Alright this question may seem simple but im missing something here, and i dont know what it is. But the code is not working.

Code: HTML
 

<?php
// Check to see if session is not registered, if it is not redirect the user back to the notloggedin.php file.
// Put this code in first line of every web page that you only want logged-in users to see.
session_start();
if($_SESSION['logged'] != 1){ header("location:home.php"); }
?>
<html>
<head>
</head>
<body>
<h1><?php echo $_GET ['x']; ?> </h1><br><br>
</body>
</html>
<?php
//converts the session variable into another variable
$change= $_GET ['x'];

//connects to server
$con = mysql_connect("hostname", "username", "password");
if (!$con)
{
die('Could not connect: ' . mysql_error());
}
mysql_select_db("DB_NAME", $con );

//displays results

$result = mysql_query("SELECT * FROM TABLE
WHERE coords=$change");
$row = mysql_fetch_array($result);
$png = $row['image'];
if($png = "Images/MapBG.png")
{
mysql_query("UPDATE map SET image = 'Images/blob.png' WHERE coords = '$change'");
}
else
{
print ("Sorry these coordinates are already in use");
}

?>


alright here is what that code is doing:

1) starts a session

2)it then gets information with the GET function

3) it then changes the get variable into another variable, this might not have been necessary but i did it anyways.

4)it then connects to the server, obviously i have taken out DBnames, and DBpass etc.

5) The next part selects the column, and the name.

6) now we are at the "if" statement. It selectcs from the "image" column to see if "Images/MapBG.png" is the image, if it is then it updates the DB.
if not it it runs the else statement and prints that the coordinates are already taken, Once it actually prints it, then i will change the print command to a the DIE() function.

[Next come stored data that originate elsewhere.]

Lemma derivable_ln_mn (t : R) :
  derivable_pt_lim (fun x => ln (m x * n x)) t (WH_ln_mn_dot (n t) (d t) (Sp t) (Sm t)).
Proof.
  destruct (phase_point t) as [Hm [Hd _]]; pose proof (Rabs_pos (d t)).
  eapply derivable_pt_lim_eq_val.
  - apply (derivable_pt_lim_ln_comp (fun x => m x * n x)); [|nra].
    apply (derivable_pt_lim_mult m n); [apply derivable_m | apply derivable_n].
  - unfold WH_ln_mn_dot, q, WH_q; field; lra.
Qed.

Lemma P_pos (t : R) : 0 < P t.
Proof.
  destruct (Hsign t) as [H1 [H2 H3]]; unfold P, m.
  apply Rmult_lt_0_compat; [lra | nra].
Qed.

Lemma derivable_ln_P (t : R) :
  derivable_pt_lim (fun x => ln (P x)) t (6 * (Sp t ^ 2 + Sm t ^ 2)).
Proof.
  pose proof (P_pos t).
  eapply derivable_pt_lim_eq_val;
    [apply (derivable_pt_lim_ln_comp P); [apply derivable_P | assumption]|].
  field; lra.
Qed.

Lemma P_nondecreasing (a b : R) : a <= b -> P a <= P b.
Proof.
  intros Hab.
  enough (0 * (b - a) <= P b - P a) by lra.
  apply (deriv_ge_increment P (fun x => 6 * (Sp x ^ 2 + Sm x ^ 2) * P x));
    [exact Hab | intros x _; apply derivable_P|].
  intros x _; pose proof (P_pos x); pose proof (pow2_ge_0 (Sp x)); pose proof (pow2_ge_0 (Sm x)).
  apply Rmult_le_pos; lra.
Qed.

Lemma six_P_le_n (t : R) : 6 * P t <= n t.
Proof.
  destruct (phase_point t) as [Hm [Hd Hc]].
  destruct (constraint_bounds _ _ _ _ _ Hm Hd Hc) as [Hn [_ [_ [_ [_ Hmn]]]]].
  assert (HN : 4 * (N2 t * N3 t) <= n t ^ 2)
    by (pose proof (pow2_ge_0 (d t)); unfold n, d in *; nra).
  unfold P; nra.
Qed.

Lemma derivable_lyapunov (c t : R) :
  derivable_pt_lim (fun x => Sp x - sqrt 3 * W x + c / 6 * ln (P x)) t
    (WH_Spdot (m t) (n t) (d t) (Sp t) (Sm t)
     - sqrt 3 * WH_Wdot (m t) (n t) (d t) (Sp t) (Sm t) + c * (Sp t ^ 2 + Sm t ^ 2)).
Proof.
  eapply derivable_pt_lim_eq_val.
  - apply (derivable_pt_lim_plus (fun y => Sp y - sqrt 3 * W y)).
    + apply (derivable_pt_lim_minus Sp); [apply derivable_Sp|].
      apply (derivable_pt_lim_mult (fun _ => sqrt 3) W);
        [apply derivable_pt_lim_const | apply derivable_W].
    + apply (derivable_pt_lim_mult (fun _ => c / 6) (fun y => ln (P y)));
        [apply derivable_pt_lim_const | apply derivable_ln_P].
  - field.
Qed.

Lemma P_unbounded (K : R) : exists t, K < P t.
Proof.
  apply NNPP; intros Hnone.
  assert (HK : forall t, P t <= K)
    by (intros t; apply Rnot_lt_le; intros Hlt; apply Hnone; exists t; exact Hlt).
  destruct sqrt3_facts as [_ [Hs Hs2]].
  set (k0 := 6 * P 0); pose proof (P_pos 0) as HP0.
  set (c := 17 + 3 / k0 ^ 2).
  assert (Hc : 0 <= c)
    by (unfold c; assert (0 < 3 / k0 ^ 2) by (apply Rdiv_lt_0_compat; unfold k0; nra); lra).
  set (F := fun x => Sp x - sqrt 3 * W x + c / 6 * ln (P x)).
  assert (HF' : forall x, 0 <= x ->
    1 / 2 <= WH_Spdot (m x) (n x) (d x) (Sp x) (Sm x)
             - sqrt 3 * WH_Wdot (m x) (n x) (d x) (Sp x) (Sm x) + c * (Sp x ^ 2 + Sm x ^ 2)).
  { intros x Hx; destruct (phase_point x) as [Hm [Hd Hcx]].
    pose proof (P_nondecreasing 0 x Hx); pose proof (six_P_le_n x).
    apply WH_lyapunov_dot_ge; auto; unfold k0; lra. }
  assert (HFK : forall x, F x <= 3 + c / 6 * ln K).
  { intros x; destruct (phase_point x) as [Hm [Hd Hcx]].
    destruct (constraint_bounds _ _ _ _ _ Hm Hd Hcx) as [_ [_ [HSp [HSm _]]]].
    pose proof (abs_WH_W_le _ _ _ _ _ Hm Hd Hcx); fold (W x) in *.
    pose proof (Rle_abs (Sp x)); pose proof (Rle_abs (- W x)); rewrite Rabs_Ropp in *.
    assert (ln (P x) <= ln K) by (apply ln_le_ln; [apply P_pos | apply HK]).
    assert (c / 6 * ln (P x) <= c / 6 * ln K) by (apply Rmult_le_compat_l; lra).
    unfold F; nra. }
  set (T := 2 * (Rabs (3 + c / 6 * ln K - F 0) + 1)).
  assert (HT : 0 <= T) by (unfold T; pose proof (Rabs_pos (3 + c / 6 * ln K - F 0)); lra).
  pose proof (deriv_ge_increment F _ 0 T (1 / 2) HT
    (fun x _ => derivable_lyapunov c x) (fun x Hx => HF' x (proj1 Hx))).
  pose proof (HFK T); pose proof (Rle_abs (3 + c / 6 * ln K - F 0)); unfold T in *; lra.
Qed.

Now the problem is that my else statement is not working.
I can switch whats in the parameters of the if statement and it still runs the IF statement.
i can print $png (which is the variable inside of the if statement) so i know that it is not the variable. The only thing that i can think of is i messed up my if statement, and thus my else statement?[/QUOTE]

[merged double post]
Sorry i found my error, i should have put "==" instead of "=". I ended up rewriting the whole thing, as there were multiple errors in this script.
Edited by Darksorrow131, Apr 21 2009, 05:52 PM.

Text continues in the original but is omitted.